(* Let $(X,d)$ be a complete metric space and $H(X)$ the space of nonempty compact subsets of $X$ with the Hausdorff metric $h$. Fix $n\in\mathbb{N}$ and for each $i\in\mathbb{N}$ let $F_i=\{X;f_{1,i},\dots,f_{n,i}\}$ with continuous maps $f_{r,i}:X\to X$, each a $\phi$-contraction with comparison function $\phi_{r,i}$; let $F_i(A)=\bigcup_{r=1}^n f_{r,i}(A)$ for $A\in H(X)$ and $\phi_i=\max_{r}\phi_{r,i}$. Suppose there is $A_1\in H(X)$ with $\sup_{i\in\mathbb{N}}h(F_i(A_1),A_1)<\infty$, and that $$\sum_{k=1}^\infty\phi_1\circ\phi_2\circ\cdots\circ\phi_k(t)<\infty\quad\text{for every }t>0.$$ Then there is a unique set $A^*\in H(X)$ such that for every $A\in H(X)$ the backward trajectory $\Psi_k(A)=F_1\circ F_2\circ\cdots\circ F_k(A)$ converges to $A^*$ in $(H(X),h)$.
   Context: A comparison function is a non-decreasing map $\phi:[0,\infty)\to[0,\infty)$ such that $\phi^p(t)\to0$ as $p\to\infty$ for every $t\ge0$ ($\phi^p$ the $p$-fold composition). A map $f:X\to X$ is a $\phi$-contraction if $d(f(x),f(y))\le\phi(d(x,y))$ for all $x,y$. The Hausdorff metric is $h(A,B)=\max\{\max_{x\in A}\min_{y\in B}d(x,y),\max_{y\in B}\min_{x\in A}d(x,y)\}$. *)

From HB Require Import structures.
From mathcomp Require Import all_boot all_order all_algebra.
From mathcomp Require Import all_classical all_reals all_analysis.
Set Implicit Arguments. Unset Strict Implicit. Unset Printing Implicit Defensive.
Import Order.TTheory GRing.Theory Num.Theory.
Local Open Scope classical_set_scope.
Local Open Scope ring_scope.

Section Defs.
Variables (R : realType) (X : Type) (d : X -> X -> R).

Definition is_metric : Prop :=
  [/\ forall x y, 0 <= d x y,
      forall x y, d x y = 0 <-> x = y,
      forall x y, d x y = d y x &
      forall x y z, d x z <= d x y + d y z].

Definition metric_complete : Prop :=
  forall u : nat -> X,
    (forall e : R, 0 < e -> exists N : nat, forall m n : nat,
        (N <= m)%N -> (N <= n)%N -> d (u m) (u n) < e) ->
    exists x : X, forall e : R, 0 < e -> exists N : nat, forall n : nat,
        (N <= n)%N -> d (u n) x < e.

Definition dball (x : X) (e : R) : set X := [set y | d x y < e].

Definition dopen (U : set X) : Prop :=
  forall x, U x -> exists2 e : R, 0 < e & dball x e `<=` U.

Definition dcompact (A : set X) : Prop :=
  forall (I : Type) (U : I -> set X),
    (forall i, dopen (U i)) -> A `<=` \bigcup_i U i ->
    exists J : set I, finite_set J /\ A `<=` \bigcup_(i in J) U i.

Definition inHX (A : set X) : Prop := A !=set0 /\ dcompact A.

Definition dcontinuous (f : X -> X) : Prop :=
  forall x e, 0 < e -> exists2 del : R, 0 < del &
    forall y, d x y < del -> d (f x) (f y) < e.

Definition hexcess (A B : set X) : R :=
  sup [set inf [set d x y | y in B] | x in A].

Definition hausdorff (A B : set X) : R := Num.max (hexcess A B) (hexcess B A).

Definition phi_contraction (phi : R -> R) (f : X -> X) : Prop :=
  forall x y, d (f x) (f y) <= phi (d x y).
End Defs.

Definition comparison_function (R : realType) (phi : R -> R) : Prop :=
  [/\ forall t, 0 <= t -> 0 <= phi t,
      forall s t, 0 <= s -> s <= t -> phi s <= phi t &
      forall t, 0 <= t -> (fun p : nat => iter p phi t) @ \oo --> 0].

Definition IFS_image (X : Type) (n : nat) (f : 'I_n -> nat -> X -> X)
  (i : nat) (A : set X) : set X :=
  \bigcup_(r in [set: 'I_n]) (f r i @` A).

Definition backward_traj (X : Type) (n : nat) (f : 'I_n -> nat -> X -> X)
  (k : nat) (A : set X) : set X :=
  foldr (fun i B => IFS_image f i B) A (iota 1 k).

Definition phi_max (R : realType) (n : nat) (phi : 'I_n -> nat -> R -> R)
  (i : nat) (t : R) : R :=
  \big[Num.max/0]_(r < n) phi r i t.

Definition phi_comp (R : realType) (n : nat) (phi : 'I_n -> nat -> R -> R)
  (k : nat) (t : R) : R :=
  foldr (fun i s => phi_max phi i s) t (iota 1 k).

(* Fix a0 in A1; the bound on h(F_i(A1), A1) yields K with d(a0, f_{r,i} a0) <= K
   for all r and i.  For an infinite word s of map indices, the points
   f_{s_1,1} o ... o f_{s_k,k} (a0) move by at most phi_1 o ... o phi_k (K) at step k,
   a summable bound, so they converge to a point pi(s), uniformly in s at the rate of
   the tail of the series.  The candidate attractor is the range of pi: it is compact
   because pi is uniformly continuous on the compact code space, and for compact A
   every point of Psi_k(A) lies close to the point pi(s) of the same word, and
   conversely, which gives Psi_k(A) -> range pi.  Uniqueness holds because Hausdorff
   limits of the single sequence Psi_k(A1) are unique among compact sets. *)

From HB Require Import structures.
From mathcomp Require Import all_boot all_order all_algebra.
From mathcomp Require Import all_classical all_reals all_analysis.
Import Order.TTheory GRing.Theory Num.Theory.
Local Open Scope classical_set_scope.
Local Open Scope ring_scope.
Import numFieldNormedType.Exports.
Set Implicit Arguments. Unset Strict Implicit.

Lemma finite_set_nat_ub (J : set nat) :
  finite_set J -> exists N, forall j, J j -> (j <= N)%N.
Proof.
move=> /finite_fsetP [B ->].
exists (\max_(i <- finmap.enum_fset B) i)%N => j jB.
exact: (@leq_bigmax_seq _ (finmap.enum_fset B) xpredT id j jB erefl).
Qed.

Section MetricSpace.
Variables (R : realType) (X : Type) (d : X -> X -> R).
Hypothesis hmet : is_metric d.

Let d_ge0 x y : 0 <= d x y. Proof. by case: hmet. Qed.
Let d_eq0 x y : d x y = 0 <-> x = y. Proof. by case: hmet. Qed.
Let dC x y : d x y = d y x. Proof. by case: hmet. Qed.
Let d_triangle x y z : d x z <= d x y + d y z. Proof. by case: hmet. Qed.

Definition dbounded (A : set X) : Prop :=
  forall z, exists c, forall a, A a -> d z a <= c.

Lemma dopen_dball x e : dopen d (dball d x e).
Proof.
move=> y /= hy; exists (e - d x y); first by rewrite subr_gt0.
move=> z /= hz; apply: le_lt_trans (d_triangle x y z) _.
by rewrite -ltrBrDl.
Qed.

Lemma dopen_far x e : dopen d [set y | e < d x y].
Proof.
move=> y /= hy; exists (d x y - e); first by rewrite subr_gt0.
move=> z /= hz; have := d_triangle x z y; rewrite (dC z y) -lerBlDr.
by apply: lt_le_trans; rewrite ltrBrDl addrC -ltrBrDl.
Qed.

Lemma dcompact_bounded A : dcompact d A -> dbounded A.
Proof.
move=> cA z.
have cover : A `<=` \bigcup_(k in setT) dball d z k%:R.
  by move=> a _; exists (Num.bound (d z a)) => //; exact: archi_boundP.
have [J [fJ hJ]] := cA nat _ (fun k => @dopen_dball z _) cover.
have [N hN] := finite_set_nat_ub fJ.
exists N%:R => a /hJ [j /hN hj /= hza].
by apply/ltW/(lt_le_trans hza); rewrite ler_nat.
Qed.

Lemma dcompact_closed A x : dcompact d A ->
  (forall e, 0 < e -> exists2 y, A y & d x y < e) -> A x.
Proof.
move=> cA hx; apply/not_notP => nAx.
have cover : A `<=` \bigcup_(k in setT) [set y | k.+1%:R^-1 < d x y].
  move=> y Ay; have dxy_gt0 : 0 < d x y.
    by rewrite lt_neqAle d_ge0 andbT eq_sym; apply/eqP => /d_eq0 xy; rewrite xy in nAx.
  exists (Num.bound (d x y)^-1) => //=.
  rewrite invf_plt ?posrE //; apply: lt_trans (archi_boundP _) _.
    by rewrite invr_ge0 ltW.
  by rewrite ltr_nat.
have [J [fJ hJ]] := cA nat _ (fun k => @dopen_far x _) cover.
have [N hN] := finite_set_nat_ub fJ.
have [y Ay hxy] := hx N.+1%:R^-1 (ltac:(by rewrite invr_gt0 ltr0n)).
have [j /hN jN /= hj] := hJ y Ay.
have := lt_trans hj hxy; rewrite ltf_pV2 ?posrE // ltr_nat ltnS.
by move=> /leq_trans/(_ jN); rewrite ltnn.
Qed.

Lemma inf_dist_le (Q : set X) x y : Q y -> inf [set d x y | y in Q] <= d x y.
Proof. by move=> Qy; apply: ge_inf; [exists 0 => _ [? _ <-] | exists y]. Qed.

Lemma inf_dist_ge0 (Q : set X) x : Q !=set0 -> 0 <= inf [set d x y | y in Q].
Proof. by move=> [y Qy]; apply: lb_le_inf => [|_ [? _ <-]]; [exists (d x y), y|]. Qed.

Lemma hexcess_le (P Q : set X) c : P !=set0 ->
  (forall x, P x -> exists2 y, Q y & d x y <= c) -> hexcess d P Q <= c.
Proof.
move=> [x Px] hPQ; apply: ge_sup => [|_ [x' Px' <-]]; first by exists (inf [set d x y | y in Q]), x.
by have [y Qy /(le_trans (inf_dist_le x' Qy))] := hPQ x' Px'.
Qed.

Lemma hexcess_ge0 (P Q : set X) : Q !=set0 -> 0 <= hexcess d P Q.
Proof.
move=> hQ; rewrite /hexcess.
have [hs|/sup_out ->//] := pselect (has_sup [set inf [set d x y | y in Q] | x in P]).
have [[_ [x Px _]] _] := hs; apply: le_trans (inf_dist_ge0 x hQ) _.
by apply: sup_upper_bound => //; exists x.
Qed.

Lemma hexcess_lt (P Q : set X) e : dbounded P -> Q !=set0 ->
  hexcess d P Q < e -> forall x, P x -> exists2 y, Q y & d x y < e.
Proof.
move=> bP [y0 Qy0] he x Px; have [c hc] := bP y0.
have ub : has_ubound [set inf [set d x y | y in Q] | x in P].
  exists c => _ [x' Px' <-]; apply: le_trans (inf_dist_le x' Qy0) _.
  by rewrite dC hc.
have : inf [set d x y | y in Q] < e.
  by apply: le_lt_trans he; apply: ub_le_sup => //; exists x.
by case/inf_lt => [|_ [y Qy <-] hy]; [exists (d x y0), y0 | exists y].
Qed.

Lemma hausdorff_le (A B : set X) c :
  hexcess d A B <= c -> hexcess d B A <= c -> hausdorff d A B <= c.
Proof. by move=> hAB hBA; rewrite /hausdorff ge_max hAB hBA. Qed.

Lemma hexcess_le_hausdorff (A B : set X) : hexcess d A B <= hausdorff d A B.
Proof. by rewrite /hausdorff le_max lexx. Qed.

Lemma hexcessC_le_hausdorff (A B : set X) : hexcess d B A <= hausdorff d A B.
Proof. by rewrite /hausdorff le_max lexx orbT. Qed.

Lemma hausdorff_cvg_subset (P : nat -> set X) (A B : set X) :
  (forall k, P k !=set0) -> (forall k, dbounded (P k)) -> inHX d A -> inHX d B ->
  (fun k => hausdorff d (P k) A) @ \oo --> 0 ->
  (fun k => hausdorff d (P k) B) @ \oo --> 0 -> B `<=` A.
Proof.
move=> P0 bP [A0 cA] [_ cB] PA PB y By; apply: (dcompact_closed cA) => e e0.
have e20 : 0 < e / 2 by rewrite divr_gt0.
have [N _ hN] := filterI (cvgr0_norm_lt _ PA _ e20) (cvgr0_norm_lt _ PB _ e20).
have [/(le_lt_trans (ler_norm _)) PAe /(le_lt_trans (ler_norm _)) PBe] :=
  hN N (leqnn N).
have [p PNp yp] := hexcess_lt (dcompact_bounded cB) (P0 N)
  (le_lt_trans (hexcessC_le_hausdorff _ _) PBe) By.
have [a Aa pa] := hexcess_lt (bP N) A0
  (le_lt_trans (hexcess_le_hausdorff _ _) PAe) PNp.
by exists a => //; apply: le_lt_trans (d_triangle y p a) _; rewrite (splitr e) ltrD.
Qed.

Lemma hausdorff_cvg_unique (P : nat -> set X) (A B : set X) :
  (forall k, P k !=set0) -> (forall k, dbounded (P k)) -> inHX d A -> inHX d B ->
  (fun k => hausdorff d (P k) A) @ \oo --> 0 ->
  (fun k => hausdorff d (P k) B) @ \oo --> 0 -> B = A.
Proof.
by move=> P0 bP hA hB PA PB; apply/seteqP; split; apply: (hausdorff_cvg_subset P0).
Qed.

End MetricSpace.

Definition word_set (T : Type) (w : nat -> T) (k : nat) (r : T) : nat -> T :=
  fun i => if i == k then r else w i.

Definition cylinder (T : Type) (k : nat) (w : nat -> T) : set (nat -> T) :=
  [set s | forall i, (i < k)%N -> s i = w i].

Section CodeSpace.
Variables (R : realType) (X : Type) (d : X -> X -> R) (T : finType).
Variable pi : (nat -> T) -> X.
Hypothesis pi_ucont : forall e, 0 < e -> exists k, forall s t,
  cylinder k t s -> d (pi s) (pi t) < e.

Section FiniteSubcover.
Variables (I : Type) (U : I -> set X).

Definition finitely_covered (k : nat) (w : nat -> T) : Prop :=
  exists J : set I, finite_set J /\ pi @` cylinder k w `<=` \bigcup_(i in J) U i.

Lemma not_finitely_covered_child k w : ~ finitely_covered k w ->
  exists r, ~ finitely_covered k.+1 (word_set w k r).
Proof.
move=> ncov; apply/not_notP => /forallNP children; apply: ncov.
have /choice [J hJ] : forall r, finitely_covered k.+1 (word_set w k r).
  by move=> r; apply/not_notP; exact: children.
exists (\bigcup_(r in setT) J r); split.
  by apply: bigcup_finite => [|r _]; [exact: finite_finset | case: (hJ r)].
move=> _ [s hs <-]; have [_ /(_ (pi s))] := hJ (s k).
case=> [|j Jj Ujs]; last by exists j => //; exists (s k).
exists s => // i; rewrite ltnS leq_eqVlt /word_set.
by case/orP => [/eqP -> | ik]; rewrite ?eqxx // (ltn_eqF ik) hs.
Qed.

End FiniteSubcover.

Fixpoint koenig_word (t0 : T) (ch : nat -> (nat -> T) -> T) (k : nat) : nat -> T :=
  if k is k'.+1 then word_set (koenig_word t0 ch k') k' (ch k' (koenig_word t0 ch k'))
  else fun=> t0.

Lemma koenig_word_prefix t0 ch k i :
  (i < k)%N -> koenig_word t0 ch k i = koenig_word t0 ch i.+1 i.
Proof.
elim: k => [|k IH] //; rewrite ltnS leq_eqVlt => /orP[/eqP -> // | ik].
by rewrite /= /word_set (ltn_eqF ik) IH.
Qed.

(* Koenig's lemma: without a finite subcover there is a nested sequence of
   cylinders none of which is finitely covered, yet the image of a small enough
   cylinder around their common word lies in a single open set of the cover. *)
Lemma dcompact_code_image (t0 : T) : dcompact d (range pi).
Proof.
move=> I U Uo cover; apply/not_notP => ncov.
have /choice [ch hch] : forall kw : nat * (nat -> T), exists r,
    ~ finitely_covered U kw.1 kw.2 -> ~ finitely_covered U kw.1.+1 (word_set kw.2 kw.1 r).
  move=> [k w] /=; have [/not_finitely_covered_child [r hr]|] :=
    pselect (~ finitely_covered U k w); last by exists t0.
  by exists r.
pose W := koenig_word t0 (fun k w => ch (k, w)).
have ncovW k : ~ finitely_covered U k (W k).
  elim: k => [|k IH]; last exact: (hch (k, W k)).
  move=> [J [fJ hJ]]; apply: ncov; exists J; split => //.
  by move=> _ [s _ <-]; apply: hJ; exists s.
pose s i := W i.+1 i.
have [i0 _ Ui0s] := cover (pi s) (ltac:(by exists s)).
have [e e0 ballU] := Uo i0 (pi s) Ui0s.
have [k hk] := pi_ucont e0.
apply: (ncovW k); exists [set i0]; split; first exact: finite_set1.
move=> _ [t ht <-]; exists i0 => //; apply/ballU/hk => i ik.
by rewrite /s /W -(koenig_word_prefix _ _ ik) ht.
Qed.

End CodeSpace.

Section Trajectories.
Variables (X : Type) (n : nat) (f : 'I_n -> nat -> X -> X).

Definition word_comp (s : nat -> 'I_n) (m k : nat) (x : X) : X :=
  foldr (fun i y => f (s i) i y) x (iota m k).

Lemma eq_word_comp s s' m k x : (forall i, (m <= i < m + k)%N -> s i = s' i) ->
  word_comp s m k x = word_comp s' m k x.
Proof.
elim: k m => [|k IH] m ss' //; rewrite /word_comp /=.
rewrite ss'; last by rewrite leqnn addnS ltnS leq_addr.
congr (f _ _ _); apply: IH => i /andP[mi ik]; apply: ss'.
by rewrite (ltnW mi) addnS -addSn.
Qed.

+++++

» HOW TO COMPLETE THIS TASK
After locating the line with "Set Implicit Arguments. Unset Strict Implicit. Unset" above, return that line and every later line through the one with "sup [set inf [set d x y | y in B]", word for word and with nothing else.

» RESULT OF THE EXERCISE
Set Implicit Arguments. Unset Strict Implicit. Unset Printing Implicit Defensive.
Import Order.TTheory GRing.Theory Num.Theory.
Local Open Scope classical_set_scope.
Local Open Scope ring_scope.

Section Defs.
Variables (R : realType) (X : Type) (d : X -> X -> R).

Definition is_metric : Prop :=
  [/\ forall x y, 0 <= d x y,
      forall x y, d x y = 0 <-> x = y,
      forall x y, d x y = d y x &
      forall x y z, d x z <= d x y + d y z].

Definition metric_complete : Prop :=
  forall u : nat -> X,
    (forall e : R, 0 < e -> exists N : nat, forall m n : nat,
        (N <= m)%N -> (N <= n)%N -> d (u m) (u n) < e) ->
    exists x : X, forall e : R, 0 < e -> exists N : nat, forall n : nat,
        (N <= n)%N -> d (u n) x < e.

Definition dball (x : X) (e : R) : set X := [set y | d x y < e].

Definition dopen (U : set X) : Prop :=
  forall x, U x -> exists2 e : R, 0 < e & dball x e `<=` U.

Definition dcompact (A : set X) : Prop :=
  forall (I : Type) (U : I -> set X),
    (forall i, dopen (U i)) -> A `<=` \bigcup_i U i ->
    exists J : set I, finite_set J /\ A `<=` \bigcup_(i in J) U i.

Definition inHX (A : set X) : Prop := A !=set0 /\ dcompact A.

Definition dcontinuous (f : X -> X) : Prop :=
  forall x e, 0 < e -> exists2 del : R, 0 < del &
    forall y, d x y < del -> d (f x) (f y) < e.

Definition hexcess (A B : set X) : R :=
  sup [set inf [set d x y | y in B] | x in A].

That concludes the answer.